Details
-
Improvement
-
Resolution: Unresolved
-
Major
-
None
-
4.0.0, 4.1.0, 4.1.1, 4.1.2, 4.5.0, 4.5.1, 4.6.0, 5.0.0, 5.1.0
-
None
Description
For purposes of understanding cluster topology when a client library wants to execute something on a service that is decoupled from buckets, it would be useful to have an identified place to get that configuration to be used by possibly thousands of clients across possibly hundreds of nodes.
Current public interfaces for retrieving cluster configuration are to my knowledge:
- Carrier Publication operations/nmv replies over port 11210
- ns_server buckets/<bucketname> URI and terse equivalent at b/<bucketname>
There is also pool level streaming at other ns_server streaming URIs. It's unclear if this is an intended public interface.
With changes in the compartmentalization of the system, we now need a way to be aware of topology changes independent of buckets. This interface…
- Must be capable of simultaneously handling 30,000 connections or more.
- Must be able to handle an arrival rate of 10,000 clients per second or more, servicing all of these configuration requests in under 100ms.
- Should be available over a service/services the client is going to use anyway. This is why cbmcd was selected in the time of Carrier Publication.
- Must have a method of requesting the configuration in response to request.
- Could have a method of subscribing for topology changes to be sent as they are received.
The "changes in compartmentalization" I speak of is that there are now situations where either FTS searches or N1QL statements to be executed can be in an application entirely independent of a bucket. In order to actually get that request to the right service on the cluster, however, we need a way to know where to locate the services.
As a use case example, in a given user's architecture there can be some application servers that are dedicated to only FTS searches. They expect to be able to use an SDK with only these searches. The current workaround for this today is to require the application to make a connection to a bucket involved in an FTS search.
This is unreasonably expensive in a large deployment since the underlying SDK is maintaining persistent connections to all nodes. If there were a large number of nodes and a large number of clients, this would be expensive and could push us into the limits of memcached's number of ports.
It's also confusing from a user perspective, since they just want to do a search/query and don't understand why they have to connect to a bucket.
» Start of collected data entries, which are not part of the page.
(* In the sparse activation model with $\alpha_1>0$, where coordinate $j$ of an input is nonzero with probability $p_j=j^{-\alpha_1-1}$ independently across coordinates and across samples, the expected number of coordinates $j\ge1$ that are nonzero in at least one of $D$ i.i.d. training samples is asymptotic, as $D\to\infty$, to the scale $$K(D)=\Gamma\!\left(1-\frac{1}{\alpha_1+1}\right)D^{\frac{1}{\alpha_1+1}},$$ where $\Gamma$ is the Gamma function. Moreover, a coordinate that is never activated in the training set carries no information about its associated target weight $w_j$ and hence cannot contribute to the learned predictor, so $K(D)$ sets the scale of the number of coefficients of $\mathbf{w}$ that can be estimated from the data.
   Context: Sparse activation model: an input $\mathbf{x}$ has independent coordinates $x_j$ with $\mathbb{P}(x_j=0)=1-j^{-\alpha_1-1}$ and $\mathbb{P}(x_j=\pm j^{-(\alpha_2+1)/2})=\tfrac12 j^{-\alpha_1-1}$ each, for exponents $\alpha_1,\alpha_2$ with $\alpha_1+\alpha_2+1>0$. The target is $y(\mathbf{x})=\mathbf{w}^\top\mathbf{x}$ for a weight vector $\mathbf{w}$ with i.i.d. entries of variance $1$; the training set consists of $D$ i.i.d. inputs. *)

From Stdlib Require Import Reals.
From Coquelicot Require Import Coquelicot.
Open Scope R_scope.

Definition Gamma (s : R) : R :=
  RInt_gen (fun t => Rpower t (s - 1) * exp (- t))
           (at_right 0) (Rbar_locally p_infty).

Definition p_act (alpha1 : R) (j : nat) : R := Rpower (INR j) (- alpha1 - 1).

(* Probability that coordinate j is nonzero in at least one of D i.i.d.
   samples (independence across samples): 1 - (1 - p_j)^D. *)
Definition prob_seen (alpha1 : R) (D j : nat) : R := 1 - (1 - p_act alpha1 j) ^ D.

(* Expected number of coordinates j >= 1 activated in at least one of the
   D samples = sum over j >= 1 of the probabilities above (linearity of
   expectation over indicator variables). *)
Definition expected_seen (alpha1 : R) (D : nat) : R :=
  Series (fun n => prob_seen alpha1 D (S n)).
Lemma pr_prefix_block_indep k m n A C : (k <= m)%N ->
  <<s cylinders Xs (index_iota 0 k) >> A -> <<s cylinders Xs (index_iota m n) >> C ->
  pr P (A `&` C) = pr P A * pr P C.
Proof.
move=> km sA sC; apply: pr_setIM; [|exact: cylinders_sigma_measurable sA|exact: cylinders_sigma_measurable sC].
apply: (cylinders_sigma_indep Xs_indep (iota_uniq _ _) (iota_uniq _ _) _ sA sC).
by move=> i; rewrite !mem_index_iota => /andP[_ ik]; rewrite leqNgt (leq_trans ik km).
Qed.

Lemma symmetric_law_block_sum m n : symmetric_law P (fun w => \sum_(m <= i < n) Xs i w).
Proof.
have sym_empty q : (q <= m)%N -> symmetric_law P (fun w => \sum_(m <= i < q) Xs i w).
  by move=> qm C mC; congr (P _); apply/seteqP; split=> w /=; rewrite big_geq // oppr0.
elim: n => [|n IH]; first exact: sym_empty.
have [|mn] := leqP n.+1 m; first exact: sym_empty.
rewrite (_ : (fun w => _) = fun w => \sum_(m <= i < n) Xs i w + Xs n w); last first.
  by apply: funext => w; rewrite big_nat_recr.
apply: symmetric_lawD => //; first exact: measurable_block_sum.
move=> A B mA mB; apply: (cylinders_sigma_indep Xs_indep (iota_uniq m (n - m)) (isT : uniq [:: n])).
- by move=> i; rewrite mem_index_iota inE => /andP[_ /ltn_eqF ->].
- by apply: block_sigma_preimage mA; exact: block_sigma_measurable_sum.
- by apply: block_sigma_preimage mB; apply: block_sigma_measurable_Xs; exact: mem_head.
Qed.

Lemma block_sigma_measurable_partial_sum n N : (n <= N)%N ->
  measurable_fun [set: block_sigma Xs (index_iota 0 N)] (S n).
Proof.
move=> nN; rewrite (_ : S n = fun w => \sum_(0 <= i < n) Xs i w); last first.
  by apply: funext => w; exact: partial_sumE.
by apply: block_sigma_measurable_sum => i; rewrite !mem_index_iota => /andP[_ /leq_trans]; apply.
Qed.

Lemma levy_reflection k N c F : (k <= N)%N ->
  <<s cylinders Xs (index_iota 0 k) >> F -> F `<=` [set w | c <= `|S k w|] ->
  pr P F <= 2 * pr P (F `&` [set w | c <= `|S N w|]).
Proof.
move=> kN sF Fc; pose I := index_iota 0 k; pose J := index_iota k N.
pose V w := \sum_(k <= i < N) Xs i w.
have SN w : S N w = S k w + V w by rewrite !partial_sumE -big_cat_nat.
have mSk : measurable_fun [set: block_sigma Xs I] (S k).
  exact: block_sigma_measurable_partial_sum.
have mV : measurable_fun [set: block_sigma Xs J] V by exact: block_sigma_measurable_sum.
pose A := [set w | 0 <= S k w].
have sA : <<s cylinders Xs I >> A := measurable_set_ler (measurable_cst (0 : R)) mSk.
have sFp : <<s cylinders Xs I >> (F `&` A) := @measurableI _ (block_sigma Xs I) _ _ sF sA.
have sFn : <<s cylinders Xs I >> (F `&` ~` A) :=
  @measurableI _ (block_sigma Xs I) _ _ sF (@measurableC _ (block_sigma Xs I) _ sA).
have sVp : <<s cylinders Xs J >> [set w | 0 <= V w] :=
  measurable_set_ler (measurable_cst (0 : R)) mV.
have sVn : <<s cylinders Xs J >> [set w | V w <= 0] :=
  measurable_set_ler mV (measurable_cst (0 : R)).
have [Vp Vn] := symmetric_law_half (measurable_block_sum k N) (symmetric_law_block_sum k N).
have mFpVp := measurableI _ _ (cylinders_sigma_measurable sFp) (cylinders_sigma_measurable sVp).
have mFnVn := measurableI _ _ (cylinders_sigma_measurable sFn) (cylinders_sigma_measurable sVn).
have split_N : pr P (F `&` A `&` [set w | 0 <= V w]) + pr P (F `&` ~` A `&` [set w | V w <= 0])
    <= pr P (F `&` [set w | c <= `|S N w|]).
  rewrite -pr_setU //; last by apply/seteqP; split=> // w [[[_ ?] _] [[_ ?] _]].
  apply: le_pr; first exact: measurableU.
    apply: measurableI; first exact: cylinders_sigma_measurable sF.
    exact/measurable_set_abs_ge/measurable_partial_sum.
  move=> w [[[Fw Skp] Vp_w]|[[Fw /negP Skn] Vn_w]]; split=> //=.
    by rewrite SN (le_trans (Fc w Fw)) // ler_norm_add_mul_ge0 // mulr_ge0.
  by rewrite SN (le_trans (Fc w Fw)) // ler_norm_add_mul_ge0 // mulr_le0 // ltW // ltNge.
rewrite (pr_prefix_block_indep (leqnn k) sFp sVp) (pr_prefix_block_indep (leqnn k) sFn sVn) in split_N.
rewrite (pr_setID P (cylinders_sigma_measurable sA) (cylinders_sigma_measurable sF)).
by have := pr_ge0 P (F `&` A); have := pr_ge0 P (F `&` ~` A); nra.
Qed.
This enhancement request also aligns with RBAC which will separate the principal from the resource being accessed.
Possibly Relevant Background
Owing to the scale of clients we need to update and problems with the the second public interface above (covered in MB-8211), contemporary clients use only the Carrier Publication interface. This has virtually eliminated all of the problems we'd had previously and has even stood up well to tests of 5000+ clients connecting and requesting config nearly simultaneously. Users have tested us on this (a core switch failure test at a large deployment) and been happy with the result.
Existing Possiblilties
Current Pools Streaming Interface
The pools level streaming interface works functionally, but is sort of a waste of a connection that isn't going to be used for anything else and has always had the MB-8211 problems. It's also not clear if that's a public interface for such things.
Poll another URI
I checked to see how jdbc-cb did it, thinking that there may be something that the query service exposes and it appears (though I didn't read deeply) that it polls /admin/clusters/default/nodes once a second when it has no configuration:
https://github.com/jdbc-json/jdbc-cb/blob/master/src/main/java/com/couchbase/jdbc/core/ProtocolImpl.java#L970-L988
https://github.com/jdbc-json/jdbc-cb/blob/master/src/main/java/com/couchbase/jdbc/CBDriver.java#L276-L297
The query specification doesn't indicate that it has a way of handing out this information. Maybe the polling on 1s resolution as needed has already been identified as a solution to this?